İlgilenilen 0,06 milimetre karelik bir bölgede hücre alımını ölçün. Ardından, 20 saniyelik bir gözlem periyodu boyunca sabit kalan veya endotel astarına bağlı kalan hücreleri sayarak yapışık lökositleri ölçün. Hem lökosit hem de nükleik asit floresan boyaları ile etiketlenmiş NET'leri tanımlayın.
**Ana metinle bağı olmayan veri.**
Lemma frob2_eq0 m n (X : 'M[C]_(m, n)) : (frob2 X == 0) = (X == 0).
Proof.
rewrite /frob2 psumr_eq0 => [|a _]; last first.
  by apply: sumr_ge0 => b _; apply: sqmod_ge0.
apply/allP/eqP => [X0|-> a _ /=]; last first.
  by rewrite big1 // => b _; rewrite mxE /sqmod /= expr0n addr0.
apply/matrixP => a b; rewrite mxE; apply/eqP; rewrite -sqmod_eq0.
move: (X0 a (mem_index_enum a)); rewrite /= psumr_eq0 => [|c _].
  by move=> /allP /(_ b (mem_index_enum b)).
exact: sqmod_ge0.
Qed.

Lemma frob2_ctrmx m n (X : 'M[C]_(m, n)) : frob2 X^H = frob2 X.
Proof.
rewrite /frob2 exchange_big; apply: eq_bigr => a _; apply: eq_bigr => b _.
by rewrite mxE; case: (X a b) => u v; rewrite /sqmod /= sqrrN.
Qed.

Lemma mxtrace_mul_ctrmx m n (X : 'M[C]_(m, n)) :
  \tr (X *m X^H) = (frob2 X)%:C.
Proof.
rewrite /mxtrace /frob2 rmorph_sum; apply: eq_bigr => a _.
rewrite mxE rmorph_sum; apply: eq_bigr => b _.
by rewrite mxE mulcJ_sqmod.
Qed.

Lemma mxtrace_ctrmx_mul m n (X : 'M[C]_(m, n)) :
  \tr (X^H *m X) = (frob2 X)%:C.
Proof. by rewrite mxtrace_mulC mxtrace_mul_ctrmx. Qed.

Lemma sum_frob2_gram (I : finType) m n (Z : I -> 'M[C]_(m, n)) :
  \sum_i Z i *m (Z i)^H = 1%:M -> \sum_i frob2 (Z i) = m%:R.
Proof.
move=> gramZ; apply: (@complexI R).
rewrite rmorph_sum rmorph_nat -mxtrace1 -gramZ raddf_sum /=.
by apply: eq_bigr => i _; rewrite mxtrace_mul_ctrmx.
Qed.

End ConjugateTranspose.

Section OrthogonalContractions.
Variables (R : realType) (m n p : nat) (I : finType) (P : pred I).
Local Notation C := R[i].
Local Open Scope complex_scope.

Lemma mxtrace_gram_sqr (X : 'M[C]_(m, n)) (V : I -> 'M[C]_(m, p)) :
    X *m X^H + \sum_(i | P i) V i *m (V i)^H = 1%:M ->
  \tr ((X^H *m X) *m (X^H *m X)) =
    (frob2 X - \sum_(i | P i) frob2 (X^H *m V i))%:C.
Proof.
move=> gramX; have eX : X *m X^H = 1%:M - \sum_(i | P i) V i *m (V i)^H.
  by rewrite -gramX addrK.
rewrite !mulmxA mxtrace_mulC !mulmxA -mulmxA {1}eX.
rewrite mulmxBl mul1mx raddfB /= mxtrace_mul_ctrmx rmorphB; congr (_ - _).
rewrite mulmx_suml raddf_sum rmorph_sum /=; apply: eq_bigr => i _.
by rewrite -mxtrace_ctrmx_mul ctrmx_mul ctrmxK -!mulmxA mxtrace_mulC !mulmxA.
Qed.

Lemma ctrmx_mul0C (X Y : 'M[C]_(m, n)) : X *m Y^H = 0 -> Y *m X^H = 0.
Proof. by move=> XY0; rewrite -[Y]ctrmxK -ctrmx_mul XY0 ctrmx0. Qed.

Lemma gram_mul0 (X Y : 'M[C]_(m, n)) :
  X *m Y^H = 0 -> (X^H *m X) *m (Y^H *m Y) = 0.
Proof. by move=> XY0; rewrite mulmxA -(mulmxA X^H) XY0 mulmx0 mul0mx. Qed.

Lemma frob2_id_sub_grams (X Y : 'M[C]_(m, n)) (V W : I -> 'M[C]_(m, p)) :
    X *m X^H + \sum_(i | P i) V i *m (V i)^H = 1%:M ->
    Y *m Y^H + \sum_(i | P i) W i *m (W i)^H = 1%:M ->
    X *m Y^H = 0 ->
  frob2 (1%:M - (X^H *m X + Y^H *m Y)) + \sum_(i | P i) frob2 (X^H *m V i)
    + \sum_(i | P i) frob2 (Y^H *m W i) = n%:R - (frob2 X + frob2 Y).
Proof.
move=> gramX gramY XY0; apply: (@complexI R).
have /gram_mul0 PXY := XY0; have /ctrmx_mul0C/gram_mul0 PYX := XY0.
set H := 1%:M - _.
have H_herm : H^H = H by rewrite /H ctrmxB ctrmx1 ctrmxD !ctrmx_mul !ctrmxK.
rewrite !rmorphD /= -mxtrace_mul_ctrmx H_herm.
rewrite /H mulmxBl mul1mx mulmxBr mulmx1 mulmxDl !mulmxDr PXY PYX addr0 add0r.
rewrite !(raddfB, raddfD) /= (mxtrace_gram_sqr gramX) (mxtrace_gram_sqr gramY).
by rewrite !mxtrace_ctrmx_mul !rmorphB rmorphN /= mxtrace1 rmorph_nat; ring.
Qed.

Lemma frob2_orthogonal_contractions_nat (X Y : 'M[C]_(m, n))
    (V W : I -> 'M[C]_(m, p)) :
    X *m X^H + \sum_(i | P i) V i *m (V i)^H = 1%:M ->
    Y *m Y^H + \sum_(i | P i) W i *m (W i)^H = 1%:M ->
    X *m Y^H = 0 -> frob2 X + frob2 Y = n%:R ->
  exists2 r, (r <= n)%N & frob2 X = r%:R.
Proof.
move=> gramX gramY XY0 fXY.
have PXY := gram_mul0 XY0.
have := frob2_id_sub_grams gramX gramY XY0; rewrite fXY subrr.
set PX := X^H *m X; set H := 1%:M - _ => sos.
have H0 : H = 0.
  suff /eqP : frob2 H = 0 by rewrite frob2_eq0 => /eqP.
  have sumV_ge0 : 0 <= \sum_(i | P i) frob2 (X^H *m V i).
    by apply: sumr_ge0 => i _; apply: frob2_ge0.
  have sumW_ge0 : 0 <= \sum_(i | P i) frob2 (Y^H *m W i).
    by apply: sumr_ge0 => i _; apply: frob2_ge0.
  have := frob2_ge0 H; lra.
have idemPX : PX *m PX = PX.
  have sumPXY : PX + Y^H *m Y = 1%:M.
    by apply/esym/eqP; rewrite -subr_eq0 -/H H0.
  by rewrite -{3}[PX]mulmx1 -sumPXY mulmxDr PXY addr0.
exists (\rank PX); first exact: rank_leq_row.
by apply: (@complexI R); rewrite rmorph_nat -mxtrace_idem // mxtrace_ctrmx_mul.
Qed.

End OrthogonalContractions.

Lemma Brac_single_overlap_nat (R : realType) d s (alpha beta : 'I_d -> R) x :
    (0 < s)%N -> Brac s alpha beta ->
    (forall j, j != x -> alpha j * beta j = 0) -> alpha x + beta x = 1 ->
  exists2 k, (k <= s)%N & alpha x = k%:R / s%:R.
Proof.
move=> s_gt0 [_ [_ [A [B [gramA [gramB [AB0 [normA normB]]]]]]]] disj sum1.
have s_neq0 : s%:R != 0 :> R by rewrite pnatr_eq0 -lt0n.
have frob2K (Z : 'M[R[i]]_s) : frob2 Z = s%:R * (s%:R^-1 * frob2 Z).
  by rewrite mulrA mulfV ?mul1r.
have normZ0 (Z : 'M[R[i]]_s) : s%:R^-1 * frob2 Z = 0 -> Z = 0.
  by move=> Z0; apply/eqP; rewrite -frob2_eq0 frob2K Z0 mulr0.
have ABj0 j : j != x -> A j *m (B j)^H = 0.
  move=> jx; have /eqP := disj j jx; rewrite mulf_eq0 => /orP[] /eqP.
    by rewrite -normA => /normZ0 ->; rewrite mul0mx.
  by rewrite -normB => /normZ0 ->; rewrite ctrmx0 mulmx0.
have ABx0 : A x *m (B x)^H = 0.
  by rewrite -AB0 (bigD1 x) //= big1 ?addr0.
have gram_split (Z : 'I_d -> 'M[R[i]]_s) : \sum_j Z j *m (Z j)^H = 1%:M ->
    Z x *m (Z x)^H + \sum_(j | j != x) Z j *m (Z j)^H = 1%:M.
  by rewrite (bigD1 x).
have fAB : frob2 (A x) + frob2 (B x) = s%:R.
  by rewrite (frob2K (A x)) (frob2K (B x)) normA normB -mulrDr sum1 mulr1.
have [k le_ks fA] := frob2_orthogonal_contractions_nat
  (gram_split _ gramA) (gram_split _ gramB) ABx0 fAB.
by exists k; rewrite // -normA fA mulrC.
Qed.

Section Blocks.
Variables (R : realType) (d s : nat).
Local Notation C := R[i].
Implicit Types (U V : 'M[C]_(d * s)) (G : 'I_d -> 'I_d -> 'M[C]_s).

Definition mxblk G : 'M[C]_(d * s) :=
  \matrix_(x, y) G (mxvec_unindex x).1 (mxvec_unindex y).1
                   (mxvec_unindex x).2 (mxvec_unindex y).2.

Lemma blk_mxblk G i j : blk (mxblk G) i j = G i j.
Proof. by apply/matrixP => a b; rewrite !mxE !mxvec_indexK. Qed.

Lemma blkP U V : (forall i j, blk U i j = blk V i j) -> U = V.
Proof.
move=> eqUV; apply/matrixP => x y.
case/mxvec_indexP: x => i a; case/mxvec_indexP: y => j b.
by have := congr1 (fun M : 'M_s => M a b) (eqUV i j); rewrite !mxE.
Qed.

Lemma blk_mul U V i k : blk (U *m V) i k = \sum_j blk U i j *m blk V j k.
Proof.
apply/matrixP => a b; rewrite !mxE summxE big_mxvec_index.
by apply: eq_bigr => j _; rewrite !mxE; apply: eq_bigr => c _; rewrite !mxE.
Qed.

Lemma blk_ctrmx U i j : blk U^H i j = (blk U j i)^H.
Proof. by apply/matrixP => a b; rewrite !mxE. Qed.

Lemma blk1 i j : blk (1%:M : 'M[C]_(d * s)) i j = (i == j)%:R *: 1%:M.
Proof.
apply/matrixP => a b; rewrite !mxE eq_mxvec_index.
by case: (i == j); case: (a == b); rewrite /= ?mulr1 ?mulr0.
Qed.

Lemma blk_gram_row U i k : U *m U^H = 1%:M ->
  \sum_j blk U i j *m (blk U k j)^H = (i == k)%:R *: 1%:M.
Proof.
move=> UU; rewrite -blk1 -UU blk_mul.
by apply: eq_bigr => j _; rewrite blk_ctrmx.
Qed.

Lemma blk_gram_col U j l : U^H *m U = 1%:M ->
  \sum_i (blk U i j)^H *m (blk U i l)^H^H = (j == l)%:R *: 1%:M.
Proof.
move=> UU; rewrite -blk1 -UU blk_mul.
by apply: eq_bigr => i _; rewrite blk_ctrmx ctrmxK.
Qed.

End Blocks.

Section GramFamilies.
Variables (R : realType) (d s : nat).
Hypothesis s_gt0 : (0 < s)%N.
Implicit Types (Z : 'I_d -> 'M[R[i]]_s) (alpha : 'I_d -> R).

Lemma probvec_gram Z alpha :
    (forall j, s%:R^-1 * frob2 (Z j) = alpha j) ->
  \sum_j Z j *m (Z j)^H = 1%:M -> probvec alpha.
Proof.
move=> normZ gramZ; split=> [j|].
  by rewrite -normZ mulr_ge0 ?invr_ge0 ?frob2_ge0.
under eq_bigr do rewrite -normZ.
by rewrite -mulr_sumr (sum_frob2_gram gramZ) mulVf // pnatr_eq0 -lt0n.
Qed.

Lemma Brac_gram Z Z' alpha beta :
    (forall j, s%:R^-1 * frob2 (Z j) = alpha j) ->
    (forall j, s%:R^-1 * frob2 (Z' j) = beta j) ->
    \sum_j Z j *m (Z j)^H = 1%:M -> \sum_j Z' j *m (Z' j)^H = 1%:M ->
    \sum_j Z j *m (Z' j)^H = 0 ->
  Brac s alpha beta.
Proof.
move=> normZ normZ' gramZ gramZ' ZZ'0.
by split; [|split]; [exact: probvec_gram normZ gramZ
  | exact: probvec_gram normZ' gramZ' | exists Z, Z'].
Qed.

End GramFamilies.

Lemma Uset_sub_Lset (R : realType) d s (M : 'M[R]_d) :
  (0 < s)%N -> Uset s M -> Lset s M.
Proof.
move=> s_gt0 [U [[UU UU'] <-]].
have row_gram i : \sum_j blk U i j *m (blk U i j)^H = 1%:M.
  by rewrite blk_gram_row // eqxx scale1r.
have col_gram j : \sum_i (blk U i j)^H *m (blk U i j)^H^H = 1%:M.
  by rewrite blk_gram_col // eqxx scale1r.
have phi_row i j : s%:R^-1 * frob2 (blk U i j) = phi U i j by rewrite mxE.
have phi_col i j : s%:R^-1 * frob2 (blk U i j)^H = phi U i j.
  by rewrite mxE frob2_ctrmx.
split; [split; [|split]|split].
- by move=> i j; have [] := probvec_gram s_gt0 (phi_row i) (row_gram i).
- by move=> i; have [] := probvec_gram s_gt0 (phi_row i) (row_gram i).
- by move=> j; have [] := probvec_gram s_gt0 (phi_col^~ j) (col_gram j).
- move=> i k ik; apply: (Brac_gram s_gt0 (phi_row i) (phi_row k)) => //.
  by rewrite blk_gram_row // (negPf ik) scale0r.
- move=> j l jl; apply: (Brac_gram s_gt0 (phi_col^~ j) (phi_col^~ l)) => //.
  by rewrite blk_gram_col // (negPf jl) scale0r.
Qed.

Section TwoPermutationUnitary.
Variables (R : realType) (d s k : nat) (pi sigma : 'S_d).
Hypothesis le_ks : (k <= s)%N.
Local Notation C := R[i].

Definition two_perm_blk i j : 'M[C]_s :=
  (pi i == j)%:R *: copid_mx k + (sigma i == j)%:R *: pid_mx k.

Lemma two_perm_blk_herm i j : (two_perm_blk i j)^H = two_perm_blk i j.
Proof.
rewrite ctrmxE map_mxD !map_mxZ map_copid_mx map_pid_mx !rmorph_nat.
by rewrite linearD !linearZ /= tr_pid_mx /copid_mx linearB /= trmx1 tr_pid_mx.
Qed.

Lemma two_perm_blk_mul i i' j :
  two_perm_blk i j *m two_perm_blk i' j =
    ((pi i == j) && (pi i' == j))%:R *: copid_mx k +
    ((sigma i == j) && (sigma i' == j))%:R *: pid_mx k.
Proof.
rewrite mulmxDl !mulmxDr -!scalemxAl -!scalemxAr !scalerA.
rewrite copid_mx_id // mul_copid_mx_pid // mul_pid_mx_copid // pid_mx_id //.
by rewrite !scaler0 addr0 add0r -!natrM !mulnb.
Qed.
İskemi-reperfüzyon hasarını takiben hem vahşi tip hem de F2r delta EC gruplarında iskemik mezenterik endotelyuma lökosit yapışması artmıştır, F2r delta EC grubunda belirgin derecede daha düşük bir adezyon gözlenmiştir, bu da lökosit alımında endotelyal PAR1'in rolünü ima etmektedir. İskemi-reperfüzyon hasarından sonra, NET'ler sadece endotel hücrelerinde normal PAR1 seviyelerini eksprese eden vahşi tip grupta gözlendi, bu da PAR1'in NETosis'te düzenleyici bir rol oynadığını gösteriyor.